He's known as the Prince of Kosher Gospel. Alhough Joshua Nelson, an African-American Jewish man from South Orange, N.J., doesn't like labels much, he's jokingly referred to himself as "the KKK's worst nightmare."
When you hear him sing, you won't care about labels either.
Nelson sounds eerily like the legendary, big-voiced gospel singer Mahalia Jackson as he bounces at the piano, belting out deeply joyful songs that alternate between Hebrew and English lyrics. That's why fans as wide-ranging as Oprah Winfrey and Cissy Houston (Whitney's mom) love him.
"I asked the Folk Festival for ur-shers," Nelson says, before breaking into a wildly infectious laugh. "You know why. They gotta pick people up off the floor!"
Joking aside, Nelson's genre-bending message is one of peace and understanding. He pushes his Jewish audiences to explore their cultural music in a different context while attempting to preserve the genuine African folk art of gospel music.
"Gospel is ethnic music, it is not religious music," Nelson says, noting that its roots were present before slaves ever heard of Jesus or European harmonies. "Today, there is a dying folk tradition in the African-American community," he says — "it's sad."
A self-taught preservationist, Nelson's been studying the iconic Jackson's music since he was 8, all while growing up kosher. Though he regularly tours the world and has taught the past 20 years at a Hebrew school in Jersey, Nelson says his greatest achievement was recently caring for his grandmother in the final years of her life.
"Everything from my Judaism to my African roots, I put into practice," he says. "Really, I just want to inspire people to care about their families and to see our human similarities, not differences. I want my life to be a living testimony."

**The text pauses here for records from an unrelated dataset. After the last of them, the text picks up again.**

Lemma geodesic_of_min x y s : path_from_to V x y s ->
  (forall s', path_from_to V x y s' -> ptime (wt om) x s <= ptime (wt om) x s') ->
  geodesic V om x y s.
Proof.
move=> p smin; split => //; apply/eqP; rewrite eq_le tau_le_ptime // andbT.
apply: lb_le_inf; first by exists (ptime (wt om) x s), s.
by move=> t [s' [p' ->]]; apply: smin.
Qed.

Lemma geodesic_le x y s s' : geodesic V om x y s -> path_from_to V x y s' ->
  ptime (wt om) x s <= ptime (wt om) x s'.
Proof. by move=> [_ ->]; apply: tau_le_ptime. Qed.

Lemma geodesic_catr u z s1 s2 : geodesic V om u z (s1 ++ s2) ->
  geodesic V om (last u s1) z s2.
Proof.
move=> g; have [[[Vu /walk_in_cat [w1 w2]] l] _] := g.
rewrite last_cat in l.
apply: geodesic_of_min => [|s' [[_ w'] l']].
  by split; [split=> //; apply: walk_in_last|].
have p' : path_from_to V u z (s1 ++ s').
  by split; [split=> //; apply/walk_in_cat | rewrite last_cat].
by have := geodesic_le g p'; rewrite !ptime_cat lerD2l.
Qed.

Lemma geodesic_catl u z s1 s2 : geodesic V om u z (s1 ++ s2) ->
  geodesic V om u (last u s1) s1.
Proof.
move=> g; have [[[Vu /walk_in_cat [w1 w2]] l] _] := g.
apply: geodesic_of_min => // s' [[_ w'] l'].
have p' : path_from_to V u z (s' ++ s2).
  by split; [split=> //; apply/walk_in_cat; rewrite l' | rewrite last_cat l' -last_cat].
by have := geodesic_le g p'; rewrite !ptime_cat l' lerD2r.
Qed.

Lemma tau_geodesic_step u z s a b : geodesic V om u z s ->
  (a, b) \in zip (u :: s) s -> tau V om a z = wt om (ekey a b) + tau V om b z.
Proof.
move=> g /mem_zip_splitr [s1 [s2 [es <-]]]; subst s.
have [_ <-] := geodesic_catr g.
have g' : geodesic V om u z (rcons s1 b ++ s2) by rewrite cat_rcons.
by have [_] := geodesic_catr g'; rewrite last_rcons => <-.
Qed.

Lemma Gedge_tau z a b : Gedge V om z a b ->
  [/\ adj a b, V a, V b & tau V om a z = wt om (ekey a b) + tau V om b z].
Proof.
move=> [[u [s [Vu [g uses]]]] le_ba]; have [[[_ w] _] _] := g.
case: uses => [ab|ba].
  by have [? ? /(_ Vu) ?] := walk_in_step w ab; split=> //; apply: tau_geodesic_step g ab.
have [ba' Va /(_ Vu) Vb] := walk_in_step w ba.
have e := tau_geodesic_step g ba.
(* tau b = w + tau a on the geodesic, while tau b <= tau a in G_z: so w = 0 *)
have w0 : wt om (ekey b a) = 0.
  apply/eqP; rewrite eq_le wt_ge0 andbT.
  by rewrite -(lerD2r (tau V om a z)) -e add0r.
by split; [exact: adj_sym | | | rewrite e -(ekey_sym ba') w0 !add0r].
Qed.

Lemma Gpath_tau z x s : Gpath V om z x s ->
  is_path V x s /\ tau V om x z = ptime (wt om) x s + tau V om (last x s) z.
Proof.
elim: s x => [|y s IH] x [Vx G] /=; first by rewrite add0r.
have [xy _ Vy ->] := Gedge_tau (G (x, y) (mem_head _ _)).
have [[_ w] ->] : is_path V y s /\
    tau V om y z = ptime (wt om) y s + tau V om (last y s) z.
  by apply: IH; split=> // e es; apply: G; rewrite inE es orbT.
by rewrite addrA.
Qed.

Section GeodesicGraph.
Variable z : pt.
Hypothesis geodesic_to_z : forall y, V y -> exists g, geodesic V om y z g.

Lemma Gpath_geodesic x s : Gpath V om z x s ->
  geodesic V om x (last x s) s /\
  exists u t, geodesic V om u z t /\ infix (x :: s) (u :: t).
Proof.
move=> G; have [[Vx w] e] := Gpath_tau G.
have [g [[[_ wg] lg] eg]] := geodesic_to_z (walk_in_last Vx w).
have sg : geodesic V om x z (s ++ g).
  split; first by split; [split=> //; apply/walk_in_cat | rewrite last_cat].
  by rewrite ptime_cat e eg.
split; first exact: geodesic_catl sg.
by exists x, (s ++ g); split=> //; apply: (prefix_infix (x :: s) g).
Qed.

Lemma Gedge_geodesic x y : Gedge V om z x y -> exists g, geodesic V om x z (y :: g).
Proof.
move=> G; have [xy Vx Vy e] := Gedge_tau G.
have [g [[[_ wg] lg] eg]] := geodesic_to_z Vy.
by exists g; split; [split | rewrite /= eg e].
Qed.

Lemma Gedge_exists x : V x -> x <> z -> exists y, Gedge V om z x y.
Proof.
move=> Vx xz; have [[|y g] g_geo] := geodesic_to_z Vx.
  by case: g_geo => -[_ l]; case: xz.
exists y; split; first by exists x, (y :: g); do 2!split=> //; left; rewrite inE eqxx.
have [_ <-] := geodesic_catr (g_geo : geodesic V om x z ([:: y] ++ g)).
by case: g_geo => _ <-; rewrite /= lerDr wt_ge0.
Qed.

End GeodesicGraph.

Section PositiveWeights.
Hypothesis wt_gt0 : forall a b, V a -> V b -> adj a b -> 0 < wt om (ekey a b).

While the Fresh Prince of South Orange will exhaust you with his charm and uplifting music, Iraqi ex-pat Rahim AlHaj pulls you in through sadness and his mastery of a meditative instrument: the ancient oud, ancestor of the lute and guitar. A prodigy since his Baghdad childhood, AlHaj was tortured in an Iraqi prison for refusing to write music praising Saddam Hussein. In 2000 he was granted asylum and relocated to Albuquerque, N.M., where he's become an U.S. citizen. AlHaj built a music career from scratch that includes two Grammy nominations and performances with American artists such as guitarist Bill Frisell and pop stars R.E.M.
"I try to be a voice for women and children in Iraq particularly, to express their stories," AlHaj says. "Stories you don't hear on TV. ... We lost two million children thanks to sanctions over the years."
He hopes to combat the negative media cliché of angry Arab fundamentalists representing the Muslim world. "Religion should unite us, not divide us. Jewish, Muslim, Christian, it's the same root," he says.
Wang Li, from Qingdao in northeastern China, has mastered some of the world's oldest instruments: the jaw harp and the calabash flute. Through his circular breathing and throat singing, Li can produce a mesmerizing world of visionary soundscapes. The music is primitive and avant-garde, evoking intense emotion. A reviewer once called him "a sort of human Moog synthesizer." It's head-expanding stuff you hardly ever hear, much less see performed.
Another amazing group to check out is Fendika, members of which you may have seen here with Boston's Debo Band when they played Balliceaux. The music and dance group brings traditional Azmari music from Ethiopia, a rootsy, folkie-string music accompanied with trancelike singing, fiddle, chants and claps with a unique rhythmic virtuosity on display.
The improvisational group got its name from an Addis Ababa nightclub run by remarkable dancer Melaku Belay, who will join a dance demonstration at 2 p.m. Saturday. "Kind of a shaking party, jumping-style," says Seleshe Damassae, who plays a krar, a six-stringed lyre. "We will get the audience to sing and have fun with us."